Two more people have been found dead, following a dam break at an iron ore mine in southeastern Brazil.
"In reality there are a lot more, but we can't confirm any more than that. We don't even know that we'll find everybody," said a spokesman for the fire department on Friday as rescue teams worked through debris from Thursday mudslides in a village near the city of Mariana.
He said the local hospital was "saturated" with mudslide victims, and the new arrivals were being deployed for treatment to the nearby city of Ouro Preto.
Television footage from the scene showed the village of Bento Rodrigues devastated after mudslides unleashed waste water when the dam collapsed, leveling trees, tearing roofs off homes and leaving a car precariously perched on top of a wall.

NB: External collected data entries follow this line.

Lemma determined_byC s G p : determined_by s G p -> determined_by s (~` G) (1 - p).
Proof.
move=> [F [-> ->]]; exists (predC F); split.
  by apply/seteqP; split => x /=; move/negP.
rewrite count_words_predC natrB -?(size_words (size s)) ?count_size // size_words.
by rewrite mulrBl natrX -exprMn mul1r divff ?expr1n.
Qed.

Fixpoint follows_upto (n : nat) (u : seq bool) (pi : nat -> bool) : set T :=
  if n is n'.+1 then
    [set x | exists b, a (rcons u b) x = pi 0%N /\
                       follows_upto n' (rcons u b) (fun j => pi j.+1) x]
  else setT.

Lemma follows_uptoS n u pi : follows_upto n.+1 u pi =
  ~` (~` ([set x | a (rcons u false) x = pi 0%N] `&`
          follows_upto n (rcons u false) (fun j => pi j.+1)) `&`
      ~` ([set x | a (rcons u true) x = pi 0%N] `&`
          follows_upto n (rcons u true) (fun j => pi j.+1))).
Proof.
rewrite setCI !setCK; apply/seteqP; split => x /=.
- by move=> [[] [H1 H2]]; [right|left].
- by move=> [[H1 H2]|[H1 H2]]; [exists false|exists true].
Qed.

Lemma follows_upto_determined n u pi : exists2 p,
  determined_by (descendants n u) (follows_upto n u pi) p & p * (n%:R + 4) <= 4.
Proof.
elim: n u pi => [|n IH] u pi.
  exists 1; last by rewrite add0r mul1r.
  by exists predT; split; [apply/seteqP; split|rewrite /= expr0 mulr1].
have [p0 D0 b0] := IH (rcons u false) (fun j => pi j.+1).
have [p1 D1 b1] := IH (rcons u true) (fun j => pi j.+1).
have lab b := determined_by_label (rcons u b) (pi 0%N).
rewrite follows_uptoS; eexists.
  exact: determined_byC (determined_byI (determined_byC (determined_byI (lab false) D0))
                                        (determined_byC (determined_byI (lab true) D1))).
rewrite -[n.+1]addn1 natrD; apply: survival_step => //.
- exact: determined_by_ge0 D0.
- exact: determined_by_ge0 D1.
Qed.

Definition follows_forever (u : seq bool) (pi : nat -> bool) : set T :=
  [set x | exists w : nat -> bool, Defs.prefix w (size u) = u /\
     forall j, a (Defs.prefix w (size u + j.+1)) x = pi j].

Lemma follows_forever_upto n u pi : follows_forever u pi `<=` follows_upto n u pi.
Proof.
elim: n u pi => [//|n IH] u pi x [w [wu wa]].
have e : rcons u (w (size u)) = Defs.prefix w (size u).+1.
  by rewrite /Defs.prefix mkseqS -/(Defs.prefix w (size u)) wu.
exists (w (size u)); split; first by rewrite e -addn1 (wa 0%N).
apply: IH; exists w; split; first by rewrite size_rcons e.
by move=> j; rewrite size_rcons -(wa j.+1) addSnnS.
Qed.

Lemma follows_forever_negligible u pi : P.-negligible (follows_forever u pi).
Proof.
have mE n : measurable (follows_upto n u pi).
  by have [p D _] := follows_upto_determined n u pi; exact: determined_by_measurable D.
exists (\bigcap_n follows_upto n u pi); split.
- exact: bigcapT_measurable.
- apply: (@eq0_le_div_natD _ 4) => // n.
  have [p D hp] := follows_upto_determined n u pi.
  apply: (@le_trans _ _ (P (follows_upto n u pi))).
    by apply: le_measure; rewrite ?inE //; [exact: bigcapT_measurable|exact: bigcap_inf].
  by rewrite (determined_by_prob (distinct_nonempty_descendants n u) D) lee_fin ler_pdivlMr.
- by apply: sub_bigcap => n _; exact: follows_forever_upto.
Qed.
End LabelEvents.

Lemma geometric_sumE (R : comPzRingType) (x : R) m n : (m <= n)%N ->
  (1 - x) * \sum_(m <= j < n) x ^+ j = x ^+ m - x ^+ n.
Proof.
elim: n => [|n IH]; first by rewrite leqn0 => /eqP ->; rewrite big_geq // mulr0 subrr.
rewrite leq_eqVlt => /orP[/eqP <-|]; first by rewrite big_geq // mulr0 subrr.
by rewrite ltnS => mn; rewrite big_nat_recr //= mulrDr IH // exprS; ring.
Qed.

Section Coding.
Variables (R : realType) (al : seq bool -> bool) (lam : R) (w : nat -> bool).
Hypotheses (lam_gt0 : 0 < lam) (lam_lt1 : lam < 1).

Definition partial_coding (n : nat) : R :=
  \sum_(1 <= j < n) (al (Defs.prefix w j))%:R * lam ^+ j.

Lemma partial_coding_sub m n : (1 <= m <= n)%N ->
  0 <= partial_coding n - partial_coding m /\
  (1 - lam) * (partial_coding n - partial_coding m) <= lam ^+ m.
Proof.
move=> /andP[m1 mn]; rewrite /partial_coding (big_cat_nat m1 mn) /= addrC addrK.
have lam0 : 0 <= lam by exact: ltW.
split; first by apply: sumr_ge0 => j _; rewrite mulr_ge0 ?exprn_ge0.
apply: (@le_trans _ _ ((1 - lam) * \sum_(m <= j < n) lam ^+ j)).
  apply: ler_wpM2l; first by rewrite subr_ge0 ltW.
  by apply: ler_sum => j _; case: (al _); rewrite ?mul1r ?mul0r ?exprn_ge0.
by rewrite geometric_sumE // lerBlDr lerDl exprn_ge0.
Qed.

Lemma partial_coding_homo : {homo partial_coding : m n / (m <= n)%N >-> m <= n}.
Proof.
move=> [|m] n mn.
  rewrite [partial_coding 0]big_geq //; apply: sumr_ge0 => j _.
  by rewrite mulr_ge0 // exprn_ge0 // ltW.
by have [] := partial_coding_sub (m := m.+1) (n := n) mn; rewrite subr_ge0.
Qed.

The flood is also said to have reached another village, Paracatú de Baixo, where the inhabitants were being evacuated.
The mayor of Mariana said rescue workers had evacuated hundreds of families to higher ground from the villages.
The Santarem dam in the Germano complex collapsed along with the rupturing of the Fundao dam on Thursday.
The dams were composed principally of sand and inert tailing, a mining waste product of metal filings used to contain water and residue from mining operations.
The head of emergency planning at Samarco, the joint venture company that runs the mine, linked the incident to seismic activity in the area, but the company's press representatives could not confirm the cause of the incident.
Such dams sometimes hold chemicals, adding to fears of potential contamination of the nearby Gualaxo do Norte River.
Samarco officials claimed there were no chemical elements in the dams presenting health risks.
The dams had valid licenses from environmental authorities, who last inspected them in July, according to Samarco.